Ecchi is the first robot that has a network of muscles and tendons, as well as a framework that helps it move like a human. Everything is made of plastic material specially developed.
He also has a brain that is capable of correcting his mistakes.

Developed by a team of scientists at the University of Zurich, Ecce stands Eccerobot. Ecce is the Latin word for Behold

This robot uses electric motors to drive the serial collection of tendons are interconnected. A computer was placed in his brain so that he is able to learn from its mistakes.
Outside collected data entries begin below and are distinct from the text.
(* For a skew brace $A$, the spaces $\mathrm{Spec}\,A$ and $\mathrm{Spec}(A/\mathrm{Nil}\,A)$ (with their spectral topologies) are homeomorphic.
   Context: A (left) skew brace is a triple $(A,+,\circ)$ where $(A,+)$ and $(A,\circ)$ are groups such that $a\circ(b+c)=a\circ b-a+a\circ c$ for all $a,b,c$; common identity $e$. Put $\lambda_a(b)=-a+a\circ b$ and $a*b=-a+a\circ b-b$. An ideal is a normal subgroup $I$ of both $(A,+)$ and $(A,\circ)$ with $\lambda_a(I)\subseteq I$ for all $a$; for an ideal $I$, $A/I=\{a+I\}$ is a skew brace with $(a+I)+(b+I)=(a+b)+I$, $(a+I)\circ(b+I)=(a\circ b)+I$. A prime ideal is a proper ideal $P$ such that for any subsets $X,Y$ of $A$, $\{x*y\mid x\in X,y\in Y\}\subseteq P$ implies $X\subseteq P$ or $Y\subseteq P$; $\mathrm{Spec}\,A$ is the set of prime ideals, with the spectral topology whose closed sets are $H(I)=\{P\in\mathrm{Spec}\,A\mid I\subseteq P\}$, $I$ an ideal. $\mathrm{Nil}\,A$ is the intersection of all prime ideals of $A$. *)

From Stdlib Require Import ClassicalEpsilon.
Set Implicit Arguments.

Record brace_ops := BraceOps {
  car :> Type;
  badd : car -> car -> car;
  bopp : car -> car;
  bzero : car;
  bcirc : car -> car -> car;
  binv : car -> car
}.

Section Ops.
Variable A : brace_ops.
Local Notation "a + b" := (badd A a b).
Local Notation "- a" := (bopp A a).
Local Notation e := (bzero A).
Local Notation "a 'o' b" := (bcirc A a b) (at level 40, left associativity).

Definition is_skew_brace : Prop :=
  (forall a b c, a + (b + c) = (a + b) + c) /\
  (forall a, e + a = a) /\ (forall a, a + e = a) /\
  (forall a, - a + a = e) /\ (forall a, a + - a = e) /\
  (forall a b c, a o (b o c) = (a o b) o c) /\
  (forall a, e o a = a) /\ (forall a, a o e = a) /\
  (forall a, binv A a o a = e) /\ (forall a, a o binv A a = e) /\
  (forall a b c, a o (b + c) = a o b + - a + a o c).

Definition lam (a b : A) : A := - a + a o b.
Definition bstar (a b : A) : A := - a + a o b + - b.

Definition ideal (I : A -> Prop) : Prop :=
  I e /\ (forall x y, I x -> I y -> I (x + y)) /\ (forall x, I x -> I (- x)) /\
  (forall a x, I x -> I (a + x + - a)) /\
  (forall x y, I x -> I y -> I (x o y)) /\ (forall x, I x -> I (binv A x)) /\
  (forall a x, I x -> I (a o x o binv A a)) /\
  (forall a x, I x -> I (lam a x)).

Definition prime_ideal (P : A -> Prop) : Prop :=
  ideal P /\ (exists a, ~ P a) /\
  forall X Y : A -> Prop,
    (forall x y, X x -> Y y -> P (bstar x y)) ->
    (forall x, X x -> P x) \/ (forall y, Y y -> P y).

Definition Spec : Type := { P : A -> Prop | prime_ideal P }.

Definition H (I : A -> Prop) : Spec -> Prop :=
  fun P => forall x, I x -> proj1_sig P x.

Definition spec_closed (C : Spec -> Prop) : Prop :=
  exists I, ideal I /\ forall P, C P <-> H I P.

Definition Nil : A -> Prop := fun a => forall P, prime_ideal P -> P a.

Definition coset (I : A -> Prop) (a : A) : A -> Prop :=
  fun x => exists i, I i /\ x = a + i.

Definition quot_car (I : A -> Prop) : Type :=
  { S : A -> Prop | exists a, S = coset I a }.

Definition rep (I : A -> Prop) (S : quot_car I) : A :=
  proj1_sig (constructive_indefinite_description _ (proj2_sig S)).

Definition mkq (I : A -> Prop) (a : A) : quot_car I :=
  exist _ (coset I a) (ex_intro _ a eq_refl).

Definition quotient (I : A -> Prop) : brace_ops :=
  @BraceOps (quot_car I)
    (fun S T => mkq I (rep S + rep T))
    (fun S => mkq I (- rep S))
    (mkq I e)
    (fun S T => mkq I (rep S o rep T))
    (fun S => mkq I (binv A (rep S))).

End Ops.

Definition continuous_cl {X Y : Type} (clX : (X -> Prop) -> Prop)
  (clY : (Y -> Prop) -> Prop) (f : X -> Y) : Prop :=
  forall C, clY C -> clX (fun x => C (f x)).

Definition homeomorphic {X Y : Type} (clX : (X -> Prop) -> Prop)
  (clY : (Y -> Prop) -> Prop) : Prop :=
  exists (f : X -> Y) (g : Y -> X),
    (forall x, g (f x) = x) /\ (forall y, f (g y) = y) /\
    continuous_cl clX clY f /\ continuous_cl clY clX g.

(** A surjective homomorphism of skew braces [f : A -> B] such that no fibre
    of [f] meets a prime ideal of [A] without lying in it induces mutually
    inverse bijections [P |-> f(P)] and [Q |-> f^-1(Q)] between the prime
    spectra; pulling [H(J)] back along them gives [H(f^-1 J)] and [H(f J)],
    so both are continuous.  The quotient map [A -> A/Nil A] is such a
    homomorphism: its fibres are the cosets of [Nil A], which lies in every
    prime ideal. *)

From Stdlib Require Import FunctionalExtensionality PropExtensionality
  ProofIrrelevance ClassicalEpsilon.

Set Implicit Arguments.

Section Group.
Variables (G : Type) (mul : G -> G -> G) (inv : G -> G) (one : G).

Record group_laws : Prop := GroupLaws {
  mulgA : forall x y z, mul x (mul y z) = mul (mul x y) z;
  mul1g : forall x, mul one x = x;
  mulg1 : forall x, mul x one = x;
  mulVg : forall x, mul (inv x) x = one;
  mulgV : forall x, mul x (inv x) = one
}.

Record normal_subgroup (N : G -> Prop) : Prop := NormalSubgroup {
  group1 : N one;
  groupM : forall x y, N x -> N y -> N (mul x y);
  groupV : forall x, N x -> N (inv x);
  groupJ : forall a x, N x -> N (mul (mul a x) (inv a))
}.

Definition eqmod (N : G -> Prop) (x y : G) : Prop := N (mul (inv x) y).

Hypothesis hG : group_laws.

Lemma mulKg x y : mul (inv x) (mul x y) = y.
Proof. now rewrite (mulgA hG), (mulVg hG), (mul1g hG). Qed.

Lemma mulKVg x y : mul x (mul (inv x) y) = y.
Proof. now rewrite (mulgA hG), (mulgV hG), (mul1g hG). Qed.

Lemma invg_unique x y : mul x y = one -> y = inv x.
Proof. intros E. now rewrite <- (mulKg x y), E, (mulg1 hG). Qed.

Lemma invgK x : inv (inv x) = x.
Proof. symmetry. apply invg_unique, (mulVg hG). Qed.

Lemma invg1 : inv one = one.
Proof. symmetry. apply invg_unique, (mulg1 hG). Qed.

Lemma invgM x y : inv (mul x y) = mul (inv y) (inv x).
Proof.
  symmetry. apply invg_unique.
  now rewrite <- (mulgA hG), (mulKVg y), (mulgV hG).
Qed.

End Group.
For example, if the motion he made to make him stumble or drop an item, then the information is stored and analyzed in the brain to prevent it repeating the same mistakes.

Scientists hope these robots can start a new generation of robots that can be used as artificial limbs in the future.

Rolf Pfeifer, director of the laboratory for artificial intelligence at the University, said, "This opens up many opportunities but specifically this will help us understand better how complicated when a human body moving goods. If we can make the robot's hand like a human hand then it opens all kinds of possibilities for artificial limbs. It also means a robot that moves like a human can overcome some jobs that require human hands. "

Scientists have been working on the project millions of pounds for three years with funds provided separately by private companies and two million euros from EU funds.

It looks like a stripped-down version of Star Wars character C-3PO.
But this robot is science fact not fiction - and one of the most advanced in the world.
Ecci, as it has been named, is the first ever robot to have 'muscles' and 'tendons', as well as the 'bones' they help move. All made of a specially developed plastic.
And most advanced of all, it also has a brain with the ability to correct its mistakes a trait previously only seen in humans.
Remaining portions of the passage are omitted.